*Prompt*
From the entries below, retype only the lines from the one with "forall z, a" through the one with "set r := tied", exactly as written.

[Saved entries]
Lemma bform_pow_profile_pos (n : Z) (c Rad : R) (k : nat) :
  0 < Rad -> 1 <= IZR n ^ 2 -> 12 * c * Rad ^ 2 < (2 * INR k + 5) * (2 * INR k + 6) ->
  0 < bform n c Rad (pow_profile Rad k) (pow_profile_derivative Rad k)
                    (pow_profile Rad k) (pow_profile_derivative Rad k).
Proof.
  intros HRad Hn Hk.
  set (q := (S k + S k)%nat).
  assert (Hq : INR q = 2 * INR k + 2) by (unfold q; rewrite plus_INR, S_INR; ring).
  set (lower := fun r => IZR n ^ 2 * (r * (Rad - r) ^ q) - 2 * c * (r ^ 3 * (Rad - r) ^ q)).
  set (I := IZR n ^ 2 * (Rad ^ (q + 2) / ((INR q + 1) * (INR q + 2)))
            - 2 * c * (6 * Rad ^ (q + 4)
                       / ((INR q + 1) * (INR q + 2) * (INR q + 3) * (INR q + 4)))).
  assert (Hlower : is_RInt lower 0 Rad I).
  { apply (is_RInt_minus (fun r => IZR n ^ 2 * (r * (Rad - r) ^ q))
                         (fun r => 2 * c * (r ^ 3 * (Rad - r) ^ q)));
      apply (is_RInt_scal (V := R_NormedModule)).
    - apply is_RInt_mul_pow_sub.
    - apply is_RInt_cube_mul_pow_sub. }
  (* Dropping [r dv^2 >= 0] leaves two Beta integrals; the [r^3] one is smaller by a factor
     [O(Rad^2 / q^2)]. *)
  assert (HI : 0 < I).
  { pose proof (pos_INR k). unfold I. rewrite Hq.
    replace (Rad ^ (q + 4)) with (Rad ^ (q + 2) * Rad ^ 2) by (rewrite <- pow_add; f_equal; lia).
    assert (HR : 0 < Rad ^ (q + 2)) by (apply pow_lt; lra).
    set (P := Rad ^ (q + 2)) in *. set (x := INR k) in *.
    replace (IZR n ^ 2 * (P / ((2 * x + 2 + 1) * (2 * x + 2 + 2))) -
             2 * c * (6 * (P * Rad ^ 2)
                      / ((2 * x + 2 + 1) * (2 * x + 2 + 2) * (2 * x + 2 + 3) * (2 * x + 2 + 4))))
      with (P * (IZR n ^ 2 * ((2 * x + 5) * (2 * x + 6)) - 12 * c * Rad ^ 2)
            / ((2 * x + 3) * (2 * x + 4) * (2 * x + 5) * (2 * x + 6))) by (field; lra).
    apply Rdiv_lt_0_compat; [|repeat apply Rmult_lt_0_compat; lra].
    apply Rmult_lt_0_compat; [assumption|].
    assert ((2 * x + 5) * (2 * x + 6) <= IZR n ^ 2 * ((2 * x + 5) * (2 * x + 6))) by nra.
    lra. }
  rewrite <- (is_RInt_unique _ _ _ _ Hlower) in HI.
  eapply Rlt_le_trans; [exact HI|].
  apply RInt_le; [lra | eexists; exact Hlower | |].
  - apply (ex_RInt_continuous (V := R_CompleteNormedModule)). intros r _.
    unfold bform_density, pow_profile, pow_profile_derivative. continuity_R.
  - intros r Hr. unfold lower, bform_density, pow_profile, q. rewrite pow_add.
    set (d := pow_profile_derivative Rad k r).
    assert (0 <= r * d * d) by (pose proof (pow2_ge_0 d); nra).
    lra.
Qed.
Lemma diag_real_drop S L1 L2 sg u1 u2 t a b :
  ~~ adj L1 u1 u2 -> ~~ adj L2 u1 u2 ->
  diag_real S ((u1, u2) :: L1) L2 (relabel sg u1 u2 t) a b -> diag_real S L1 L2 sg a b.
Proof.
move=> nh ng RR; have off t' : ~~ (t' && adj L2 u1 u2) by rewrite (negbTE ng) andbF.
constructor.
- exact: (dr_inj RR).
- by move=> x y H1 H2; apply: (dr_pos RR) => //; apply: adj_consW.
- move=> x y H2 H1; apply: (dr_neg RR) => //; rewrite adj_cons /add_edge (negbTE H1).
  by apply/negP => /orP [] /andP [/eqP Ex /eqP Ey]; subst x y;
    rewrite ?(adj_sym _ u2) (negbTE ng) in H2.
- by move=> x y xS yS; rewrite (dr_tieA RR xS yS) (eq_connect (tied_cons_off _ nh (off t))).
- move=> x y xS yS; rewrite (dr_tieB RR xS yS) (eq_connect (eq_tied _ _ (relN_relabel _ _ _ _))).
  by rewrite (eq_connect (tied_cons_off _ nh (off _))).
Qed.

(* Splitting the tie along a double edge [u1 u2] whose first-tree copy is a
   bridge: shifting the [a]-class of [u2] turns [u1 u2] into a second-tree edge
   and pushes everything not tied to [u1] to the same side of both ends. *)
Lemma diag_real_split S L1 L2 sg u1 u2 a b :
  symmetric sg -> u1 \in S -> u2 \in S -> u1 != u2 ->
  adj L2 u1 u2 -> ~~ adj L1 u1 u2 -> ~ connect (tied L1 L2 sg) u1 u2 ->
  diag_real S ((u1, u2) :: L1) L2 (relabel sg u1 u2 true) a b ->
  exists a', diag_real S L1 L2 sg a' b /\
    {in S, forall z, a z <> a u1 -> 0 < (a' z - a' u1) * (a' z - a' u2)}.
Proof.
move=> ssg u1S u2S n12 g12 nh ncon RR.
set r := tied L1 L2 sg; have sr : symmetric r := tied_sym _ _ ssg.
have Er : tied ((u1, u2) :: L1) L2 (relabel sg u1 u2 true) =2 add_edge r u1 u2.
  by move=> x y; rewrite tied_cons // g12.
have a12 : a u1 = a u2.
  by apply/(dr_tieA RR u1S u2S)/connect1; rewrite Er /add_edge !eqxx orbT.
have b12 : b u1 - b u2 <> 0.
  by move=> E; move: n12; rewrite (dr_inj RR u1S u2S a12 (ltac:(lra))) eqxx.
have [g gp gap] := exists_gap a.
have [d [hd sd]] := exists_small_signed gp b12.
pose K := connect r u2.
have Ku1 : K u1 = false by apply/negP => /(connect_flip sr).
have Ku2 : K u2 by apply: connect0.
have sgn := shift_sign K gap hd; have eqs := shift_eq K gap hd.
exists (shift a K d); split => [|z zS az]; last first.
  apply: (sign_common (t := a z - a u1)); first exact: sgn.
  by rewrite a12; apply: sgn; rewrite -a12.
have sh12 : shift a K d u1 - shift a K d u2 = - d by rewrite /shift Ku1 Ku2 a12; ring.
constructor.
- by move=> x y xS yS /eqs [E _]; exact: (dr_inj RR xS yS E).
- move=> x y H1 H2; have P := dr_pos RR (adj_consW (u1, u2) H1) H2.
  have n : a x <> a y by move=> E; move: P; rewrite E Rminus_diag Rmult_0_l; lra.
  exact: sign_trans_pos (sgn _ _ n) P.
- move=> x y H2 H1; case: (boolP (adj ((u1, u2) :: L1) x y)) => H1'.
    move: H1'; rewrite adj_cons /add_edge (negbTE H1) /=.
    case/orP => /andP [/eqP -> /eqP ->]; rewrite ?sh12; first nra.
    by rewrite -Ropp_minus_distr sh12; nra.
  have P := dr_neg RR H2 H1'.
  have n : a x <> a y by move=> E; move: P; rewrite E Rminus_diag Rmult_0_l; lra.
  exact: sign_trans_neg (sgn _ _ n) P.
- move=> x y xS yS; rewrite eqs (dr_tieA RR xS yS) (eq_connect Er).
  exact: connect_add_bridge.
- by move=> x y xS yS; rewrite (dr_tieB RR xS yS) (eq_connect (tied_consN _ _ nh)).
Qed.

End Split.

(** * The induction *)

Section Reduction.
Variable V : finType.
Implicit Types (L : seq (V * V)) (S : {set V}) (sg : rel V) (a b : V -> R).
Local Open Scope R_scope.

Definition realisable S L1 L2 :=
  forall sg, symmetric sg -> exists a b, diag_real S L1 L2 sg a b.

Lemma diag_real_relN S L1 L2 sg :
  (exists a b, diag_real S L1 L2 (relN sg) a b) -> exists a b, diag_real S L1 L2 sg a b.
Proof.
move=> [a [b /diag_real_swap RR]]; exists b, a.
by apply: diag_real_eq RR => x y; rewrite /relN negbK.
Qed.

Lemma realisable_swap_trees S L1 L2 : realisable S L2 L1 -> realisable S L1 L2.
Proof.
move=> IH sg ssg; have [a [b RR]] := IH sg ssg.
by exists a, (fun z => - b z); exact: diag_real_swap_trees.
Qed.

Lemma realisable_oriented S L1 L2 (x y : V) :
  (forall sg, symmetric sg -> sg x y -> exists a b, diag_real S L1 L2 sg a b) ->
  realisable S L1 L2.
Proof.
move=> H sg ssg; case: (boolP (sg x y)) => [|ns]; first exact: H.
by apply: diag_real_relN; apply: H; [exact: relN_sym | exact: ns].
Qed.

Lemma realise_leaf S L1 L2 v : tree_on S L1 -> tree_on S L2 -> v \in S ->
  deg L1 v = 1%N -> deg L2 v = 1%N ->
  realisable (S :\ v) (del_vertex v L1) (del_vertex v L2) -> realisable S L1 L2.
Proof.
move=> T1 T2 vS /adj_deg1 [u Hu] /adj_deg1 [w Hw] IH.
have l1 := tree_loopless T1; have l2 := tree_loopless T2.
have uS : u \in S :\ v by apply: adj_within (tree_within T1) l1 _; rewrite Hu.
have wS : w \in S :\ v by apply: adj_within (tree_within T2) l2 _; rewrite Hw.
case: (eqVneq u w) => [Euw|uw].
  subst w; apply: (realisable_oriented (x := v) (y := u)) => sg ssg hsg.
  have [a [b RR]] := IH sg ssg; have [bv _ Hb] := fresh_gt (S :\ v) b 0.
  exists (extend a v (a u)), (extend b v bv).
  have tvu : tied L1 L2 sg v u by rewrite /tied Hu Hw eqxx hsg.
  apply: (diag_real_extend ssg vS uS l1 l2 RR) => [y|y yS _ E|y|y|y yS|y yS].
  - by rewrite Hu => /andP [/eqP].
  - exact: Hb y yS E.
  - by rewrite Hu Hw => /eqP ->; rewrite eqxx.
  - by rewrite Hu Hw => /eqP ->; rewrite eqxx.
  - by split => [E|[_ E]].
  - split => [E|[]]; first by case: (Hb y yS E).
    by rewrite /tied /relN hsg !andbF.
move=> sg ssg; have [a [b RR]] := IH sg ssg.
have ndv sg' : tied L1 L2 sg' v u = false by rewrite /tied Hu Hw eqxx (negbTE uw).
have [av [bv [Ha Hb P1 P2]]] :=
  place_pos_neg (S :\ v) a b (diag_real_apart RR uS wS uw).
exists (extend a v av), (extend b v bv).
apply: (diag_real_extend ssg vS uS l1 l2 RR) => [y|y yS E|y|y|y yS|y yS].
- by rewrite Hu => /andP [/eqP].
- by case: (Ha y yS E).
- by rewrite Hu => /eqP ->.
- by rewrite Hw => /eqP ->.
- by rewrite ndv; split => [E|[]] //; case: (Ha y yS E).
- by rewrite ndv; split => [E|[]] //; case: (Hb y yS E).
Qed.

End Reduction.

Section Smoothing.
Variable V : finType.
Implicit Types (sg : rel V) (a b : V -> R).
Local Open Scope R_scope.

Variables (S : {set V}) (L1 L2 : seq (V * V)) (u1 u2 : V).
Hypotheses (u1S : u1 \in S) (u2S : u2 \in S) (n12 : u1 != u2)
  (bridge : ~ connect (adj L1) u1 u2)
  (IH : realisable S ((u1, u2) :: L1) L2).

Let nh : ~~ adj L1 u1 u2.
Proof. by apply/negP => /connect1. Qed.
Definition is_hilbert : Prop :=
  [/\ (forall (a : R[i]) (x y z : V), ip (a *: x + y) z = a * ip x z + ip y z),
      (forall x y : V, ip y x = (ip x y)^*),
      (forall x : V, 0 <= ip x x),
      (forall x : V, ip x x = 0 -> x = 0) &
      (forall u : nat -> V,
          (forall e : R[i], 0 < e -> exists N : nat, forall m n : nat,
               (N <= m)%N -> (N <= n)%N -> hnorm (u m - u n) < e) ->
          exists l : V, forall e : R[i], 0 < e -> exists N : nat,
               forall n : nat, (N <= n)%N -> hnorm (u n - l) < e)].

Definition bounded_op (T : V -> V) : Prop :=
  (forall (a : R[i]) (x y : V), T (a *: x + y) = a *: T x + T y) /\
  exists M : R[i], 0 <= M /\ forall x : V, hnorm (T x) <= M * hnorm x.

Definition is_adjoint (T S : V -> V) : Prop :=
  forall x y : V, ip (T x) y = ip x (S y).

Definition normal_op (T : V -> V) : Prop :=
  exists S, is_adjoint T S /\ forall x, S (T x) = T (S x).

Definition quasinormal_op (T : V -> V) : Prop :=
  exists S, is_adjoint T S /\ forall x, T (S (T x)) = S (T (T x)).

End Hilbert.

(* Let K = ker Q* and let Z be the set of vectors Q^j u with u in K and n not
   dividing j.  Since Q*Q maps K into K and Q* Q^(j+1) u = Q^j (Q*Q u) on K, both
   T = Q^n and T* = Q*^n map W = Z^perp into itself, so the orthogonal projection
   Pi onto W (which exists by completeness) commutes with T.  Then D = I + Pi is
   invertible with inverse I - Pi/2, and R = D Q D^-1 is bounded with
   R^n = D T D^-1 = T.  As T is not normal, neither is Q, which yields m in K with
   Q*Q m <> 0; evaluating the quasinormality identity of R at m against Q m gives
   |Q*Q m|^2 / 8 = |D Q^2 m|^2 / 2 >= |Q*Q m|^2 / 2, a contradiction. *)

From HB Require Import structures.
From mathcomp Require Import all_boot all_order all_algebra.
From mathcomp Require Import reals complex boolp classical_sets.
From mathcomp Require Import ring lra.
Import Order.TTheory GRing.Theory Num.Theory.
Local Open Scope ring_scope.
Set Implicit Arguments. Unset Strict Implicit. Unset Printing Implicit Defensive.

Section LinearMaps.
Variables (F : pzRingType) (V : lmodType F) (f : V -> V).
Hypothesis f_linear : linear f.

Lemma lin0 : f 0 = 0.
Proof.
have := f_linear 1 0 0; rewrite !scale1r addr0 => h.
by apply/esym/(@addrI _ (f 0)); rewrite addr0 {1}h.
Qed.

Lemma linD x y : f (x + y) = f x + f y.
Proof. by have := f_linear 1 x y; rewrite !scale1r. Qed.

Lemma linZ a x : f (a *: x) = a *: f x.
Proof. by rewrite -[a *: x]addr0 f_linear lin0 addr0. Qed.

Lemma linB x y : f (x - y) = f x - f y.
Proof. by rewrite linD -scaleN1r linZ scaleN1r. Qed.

*Output*
    {in S, forall z, a z <> a u1 -> 0 < (a' z - a' u1) * (a' z - a' u2)}.
Proof.
move=> ssg u1S u2S n12 g12 nh ncon RR.
set r := tied L1 L2 sg; have sr : symmetric r := tied_sym _ _ ssg.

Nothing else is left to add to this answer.